ECLI:NL:TGDKG:2016:37 kamer voor gerechtsdeurwaarders Amsterdam GDWverzet1181.2015
ECLI: | ECLI:NL:TGDKG:2016:37 |
---|---|
Datum uitspraak: | 15-03-2016 |
Datum publicatie: | 24-06-2016 |
Zaaknummer(s): | GDWverzet1181.2015 |
Onderwerp: | Ambtshandelingen (art. 2 Gdw) |
Beslissingen: | |
Inhoudsindicatie: | Beslissing op verzet. De kamer is het met de beslissing van de voorzitter eens en verklaart het verzet ongegrond. |
KAMER VOOR GERECHTSDEURWAARDERS TE AMSTERDAM
Beslissing van 15 maart 2016 zoals bedoeld in artikel 39, vierde lid, van de Gerechtsdeurwaarderswet inzake de beslissing van de voorzitter van 1 december 2016 met zaaknummer 546.2015 en het daartegen ingestelde verzet met zaaknummer 1181.2015 ingesteld door:
[ ],
wonende te [ ],
klager,
tegen:
[ ],
gerechtsdeurwaarder te [ ],
beklaagde,
gemachtigde: [ ].
1. Ontstaan en loop van de procedure
Voormelde beslissing van de voorzitter is bij brief van 4 december 2015 aan klager toegezonden. Bij verzetschrift, ingekomen op 11 december 2015 heeft klager tegen de beslissing van de voorzitter verzet ingesteld. Het verzetschrift is behandeld ter openbare terechtzitting van 2 februari 2016, alwaar de gemachtigde van de gerechtsdeurwaarder is verschenen. Klager is, hoewel behoorlijk opgeroepen, niet verschenen. Bij brief van 6 januari 2016 heeft de gerechtsdeurwaarder schriftelijk gereageerd. Van de behandeling ter zitting is afzonderlijk proces-verbaal opgemaakt. De uitspraak is bepaald op 15 maart 2015.
2. De feiten
De gerechtsdeurwaarder is belast met de executie van een tegen klager gewezen vonnis. Op 26 maart 2015 heeft hij ten laste van klager bankbeslag gelegd. Dit beslag heeft voor een bedrag van € 770,16 doel getroffen.

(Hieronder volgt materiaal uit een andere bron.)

(* $h_\omega(w)=\frac w4+O(w^{3/4})$; that is, there exist constants $C>0$ and $w_0\ge1$ such that $h_\omega(w)\le\frac w4+Cw^{3/4}$ for all real $w\ge w_0$.
   Context: A weighted digraph $D=(V,A,w_D)$ is a digraph without loops or parallel arcs (opposite arcs allowed) with weights $w_D:A\to\mathbb{R}_{\ge0}$; $w(D)$ is its total arc weight. For a partition $(X,Y)$ of $V$, the dicut $(X,Y)$ consists of the arcs from $X$ to $Y$, and its weight is their total weight. $\mathcal{D}_\omega(w)$ is the set of weighted digraphs $D$ in which every arc has weight at least $1$ and $w(D)=w$. For real $w\ge1$, $h_\omega(w)$ is the supremum of reals $g$ such that every acyclic $D\in\mathcal{D}_\omega(w)$ has a dicut of weight at least $g$. *)

From mathcomp Require Import all_boot all_order all_algebra.
From mathcomp Require Import classical_sets reals exp.
Set Implicit Arguments. Unset Strict Implicit. Unset Printing Implicit Defensive.
Import Order.TTheory GRing.Theory Num.Theory.
Local Open Scope ring_scope.
Local Open Scope classical_set_scope.

(* A weighted digraph is given by a finite vertex type V, an arc relation
   [arc : rel V] (arc u v means there is an arc u -> v; being a relation,
   there are no parallel arcs, while opposite arcs are allowed) and a weight
   function [wt : V -> V -> R] whose values matter only on arcs. *)

Section WDigraph.
Variables (R : realType) (V : finType).

Definition total_weight (arc : rel V) (wt : V -> V -> R) : R :=
  \sum_(u : V) \sum_(v : V | arc u v) wt u v.

Definition dicut_weight (arc : rel V) (wt : V -> V -> R) (X : {set V}) : R :=
  \sum_(u in X) \sum_(v in ~: X | arc u v) wt u v.

Definition acyclic (arc : rel V) : Prop :=
  forall u v, arc u v -> ~~ connect arc v u.

Definition in_Domega (w : R) (arc : rel V) (wt : V -> V -> R) : Prop :=
  irreflexive arc /\ (forall u v, arc u v -> 1 <= wt u v) /\
  total_weight arc wt = w.
End WDigraph.

Definition h_omega (R : realType) (w : R) : R :=
  sup [set g : R | forall (V : finType) (arc : rel V) (wt : V -> V -> R),
         in_Domega w arc wt -> acyclic arc ->
         exists X : {set V}, g <= dicut_weight arc wt X].

(* The witness is a "window digraph".  On the vertices 0, ..., m+s-1 take the
   m windows W_k = {k, ..., k+s} (k < m); put an arc u -> v whenever u < v
   and some window contains both, weighted by t times the number of such
   windows.  The digraph is acyclic, its arcs weigh at least 1 when t >= 1,
   and its total weight is t m C(s+1, 2).  The weight of a dicut (X, ~X) is t
   times the sum over the windows of the number of pairs p < q of the window
   with p in X and q outside X.  For a [0,1]-valued window y of length r this
   count is at most r^2/8 plus a drift term linear in y, and the drifts of
   consecutive windows telescope against a bounded potential, so every dicut
   weighs at most t (m (s+1)^2/8 + (s+1)^3).  With m = (s+1)^2 and t scaled
   to make the total weight w, this gives h_omega(w) <= w/4 + 9w/(4s) as soon
   as (s+1)^3 s/2 <= w; the choice s + 1 = floor(w^(1/4)) concludes. *)

From mathcomp Require Import all_boot all_order all_algebra.
From mathcomp Require Import classical_sets reals exp.
From mathcomp Require Import ring lra zify.
Set Implicit Arguments. Unset Strict Implicit. Unset Printing Implicit Defensive.
Import Order.TTheory GRing.Theory Num.Theory.
Local Open Scope ring_scope.

Section ForwardPairs.
Variable R : realFieldType.
Implicit Types (y : nat -> R) (r : nat).

(* For a fractional membership y of the positions 0, ..., r-1, the (weighted)
   number of pairs p < q with p inside and q outside. *)
Definition forward_pairs y r : R := \sum_(q < r) \sum_(p < q) y p * (1 - y q).

Definition drift y r : R :=
  ((r%:R - 1) * \sum_(p < r) y p - 2 * \sum_(p < r) p%:R * y p) / 2.

Lemma forward_pairs_id y r :
  2 * forward_pairs y r =
  2 * (r%:R - 1) * \sum_(p < r) y p - (\sum_(p < r) y p) ^+ 2
  + \sum_(p < r) y p ^+ 2 - 2 * \sum_(p < r) p%:R * y p.
Proof.
rewrite /forward_pairs; elim: r => [|r IH]; first by rewrite !big_ord0; ring.
rewrite !big_ord_recr /= mulrDr IH -mulr_suml -natr1; ring.
Qed.

(* The quadratic part is at most r^2/8: use y_p^2 <= y_p and
   r M - M^2 <= r^2/4 for M = sum y. *)
Lemma forward_pairs_le y r : (forall i, 0 <= y i <= 1) ->
  forward_pairs y r <= r%:R ^+ 2 / 8 + drift y r.
Proof.
move=> y01; have pairs_id := forward_pairs_id y r; rewrite /drift.
set M := \sum_(p < r) y p in pairs_id *.
set Q := \sum_(p < r) y p ^+ 2 in pairs_id.
have sq_le : Q <= M.
  apply: ler_sum => i _; have /andP[y0 y1] := y01 i.
  by rewrite expr2 ler_piMr.
have amgm : r%:R * M - r%:R ^+ 2 / 4 <= M ^+ 2.
  rewrite -subr_ge0 (_ : _ - _ = (r%:R / 2 - M) ^+ 2); first exact: sqr_ge0.
  by field.
lra.
Qed.

End ForwardPairs.

Section Potential.
Variables (R : realFieldType) (x : nat -> R) (s : nat).

Definition potential_coef (q : nat) : R := q.+1%:R * (s%:R - q%:R) / 2.

Definition potential (k : nat) : R :=
  \sum_(q < s.+1) potential_coef q * x (k + q).

(* The drift of a window is the decrease of the potential when the window
   slides by one: both equal sum_p (s - 2p)/2 x(k + p). *)
Lemma drift_telescopes k :
  drift (fun p => x (k + p)) s.+1 = potential k - potential k.+1.
Proof.
have -> : drift (fun p => x (k + p)) s.+1 =
          \sum_(p < s.+1) (s%:R - 2 * p%:R) / 2 * x (k + p).
  rewrite [RHS](eq_bigr (fun p : 'I_s.+1 =>
                           s%:R / 2 * x (k + p) - p%:R * x (k + p))).
    by rewrite sumrB -mulr_sumr /drift -natr1 addrK; field.
  by move=> p _; field.
have coef_s : potential_coef s = 0 by rewrite /potential_coef subrr mulr0 mul0r.
have -> : potential k = potential_coef 0 * x k +
                        \sum_(i < s) potential_coef i.+1 * x (k + i.+1).
  by rewrite /potential big_ord_recl addn0.
have -> : potential k.+1 = \sum_(i < s) potential_coef i * x (k + i.+1).
  rewrite /potential big_ord_recr /= coef_s mul0r addr0.
  by apply: eq_bigr => i _; rewrite addSnnS.
rewrite big_ord_recl addn0 -addrA -sumrB.
apply: f_equal2; first by rewrite /potential_coef /= mulr0 subr0 mul1r.
by apply: eq_bigr => i _; rewrite /potential_coef /bump /= -!natr1; field.
Qed.

Lemma sum_drift n :
  \sum_(k < n) drift (fun p => x (k + p)) s.+1 = potential 0 - potential n.
Proof.
elim: n => [|n IH]; first by rewrite big_ord0 subrr.
by rewrite big_ord_recr /= IH drift_telescopes; ring.
Qed.

Hypothesis x01 : forall i, 0 <= x i <= 1.

Lemma potential_coef_bounds (q : 'I_s.+1) :
  0 <= potential_coef q <= s.+1%:R ^+ 2.
Proof.
have q_le_s : (q%:R : R) <= s%:R by rewrite ler_nat -ltnS.
have q1_le_s1 : (q.+1%:R : R) <= s.+1%:R by rewrite ler_nat.
have q_ge0 : (0 : R) <= q%:R by [].
rewrite /potential_coef; apply/andP; split.
  by apply: divr_ge0 => //; apply: mulr_ge0 => //; rewrite subr_ge0.
have prod_le : q.+1%:R * (s%:R - q%:R) <= s.+1%:R * s.+1%:R :> R.
  by apply: ler_pM => //; [rewrite subr_ge0 | rewrite -natr1; lra].
have sq_ge0 : (0 : R) <= s.+1%:R * s.+1%:R by apply: mulr_ge0.
rewrite expr2; lra.
Qed.

(* The potential stays in [0, (s+1)^3], so the drifts of any number of
   consecutive windows add up to at most (s+1)^3. *)
Lemma potential_ge0 k : 0 <= potential k.
Proof.
apply: sumr_ge0 => q _; have /andP[c0 _] := potential_coef_bounds q.
by have /andP[x0 _] := x01 (k + q); apply: mulr_ge0.
Qed.

Lemma potential_le k : potential k <= s.+1%:R ^+ 3.
Proof.
apply: (@le_trans _ _ (\sum_(q < s.+1) s.+1%:R ^+ 2)).
  apply: ler_sum => q _; have /andP[c0 c1] := potential_coef_bounds q.
  have /andP[x0 x1] := x01 (k + q).
  by apply: le_trans c1; rewrite ler_piMr.
by rewrite sumr_const card_ord [leRHS]exprSr mulr_natr.
Qed.

End Potential.

Section Reindexing.
Variable R : nmodType.

Lemma sum_window n k a (G : nat -> R) : (k + a <= n)%N ->
  \sum_(u < n) (if (k <= u)%N && (u < k + a)%N then G u else 0) =
  \sum_(p < a) G (k + p)%N.
Proof.
move=> kan; rewrite -big_mkcond /= -(big_ord_widen_cond n (leq k) G kan).
rewrite -(@big_geq_mkord _ _ _ k (k + a) xpredT) -{1}[k]add0n big_addn addKn.
by rewrite big_mkord; apply: eq_bigr => i _; rewrite addnC.
Qed.

Lemma sum_window_pairs n k r (F : nat -> nat -> R) : (k + r <= n)%N ->
  \sum_(u < n) \sum_(v < n)
     (if [&& (u < v)%N, (k <= u)%N & (v < k + r)%N] then F u v else 0) =
  \sum_(q < r) \sum_(p < q) F (k + p)%N (k + q)%N.
Proof.
move=> krn; rewrite exchange_big /=.
transitivity (\sum_(v < n) (if (k <= v)%N && (v < k + r)%N then
                \sum_(p < v - k) F (k + p)%N v else 0)).
  apply: eq_bigr => v _; case: ifP => [/andP[kv vr] | v_out].
    rewrite -(@sum_window n k (v - k) (fun u => F u v)); last first.
      by have := ltn_ord v; lia.
    by apply: eq_bigr => u _; rewrite vr andbT subnKC // andbC.
  apply: big1 => u _; rewrite (_ : [&& _, _ & _] = false) //.
  by move: v_out; lia.
rewrite (@sum_window n k r (fun v => \sum_(p < v - k) F (k + p)%N v)) //.
by apply: eq_bigr => q _; rewrite addKn.
Qed.

End Reindexing.

Lemma sum_naturals (R : pzSemiRingType) n : \sum_(q < n) (q%:R : R) = 'C(n, 2)%:R.
Proof. by rewrite -natr_sum -(big_mkord xpredT id) -bin2_sum. Qed.

Lemma acyclic_of_rank (V : finType) (arc : rel V) (rank : V -> nat) :
  (forall u v, arc u v -> (rank u < rank v)%N) -> acyclic arc.
Proof.
move=> arc_up; suff rank_connect x y : connect arc x y -> (rank x <= rank y)%N.
  by move=> u v /arc_up uv; apply: contraL uv => /rank_connect; rewrite leqNgt.
move=> /connectP[p path_p ->]; elim: p x path_p => //= z p IH x /andP[xz path_p].
exact: leq_trans (ltnW (arc_up _ _ xz)) (IH _ path_p).
Qed.

Lemma dicut_weightE (R : realType) (V : finType) (arc : rel V)
    (wt : V -> V -> R) (X : {set V}) :
  dicut_weight arc wt X = \sum_(u : V) \sum_(v : V | arc u v)
    wt u v * ((u \in X)%:R * (1 - (v \in X)%:R)).
Proof.
rewrite /dicut_weight big_mkcond; apply: eq_bigr => u _.
case: (u \in X); last by apply/esym/big1 => v _; rewrite mul0r mulr0.
rewrite big_mkcond [RHS]big_mkcond; apply: eq_bigr => v _.
by rewrite inE; case: (v \in X); case: (arc u v); rewrite /= ?subrr ?subr0 ?mulr0 ?mulr1.
Qed.

Lemma h_omega_le_witness (R : realType) (w B : R) (V : finType) (arc : rel V)
    (wt : V -> V -> R) :
  in_Domega w arc wt -> acyclic arc ->
  (forall X : {set V}, dicut_weight arc wt X <= B) -> h_omega w <= B.
Proof.
move=> D_in D_acyclic dicut_le; apply: ge_sup.
  exists 0 => V' arc' wt' _ _; exists finset.set0.
  by rewrite /dicut_weight big_set0.
move=> g g_good; have [X gX] := g_good V arc wt D_in D_acyclic.
exact: le_trans gX _.
Qed.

3. De oorspronkelijke klacht
Klager verwijt de gerechtsdeurwaarder dat deze door het beslag verkapt beslag op zijn uitkering heeft gelegd zonder rekening te houden met een beslagvrije voet. Het door het beslag getroffen saldo was geld van de uitkering van klager dat hij had bestemd voor voldoening van zijn lopende lasten. Klager vindt het ook niet terecht dat er beslag is gelegd, omdat hij daaraan voorafgaand had laten weten dat hij geen ruimte had voor een betalingsvoorstel omdat er al beslag werd gelegd op zijn uitkering door een andere gerechtsdeurwaarder. Volgens klager doet de gerechtsdeurwaarder bewust voorkomen alsof hij deze mededeling niet heeft ontvangen.
4. Het oorspronkelijke verweer van de gerechtsdeurwaarder
De gerechtsdeurwaarder heeft de klacht gemotiveerd weersproken.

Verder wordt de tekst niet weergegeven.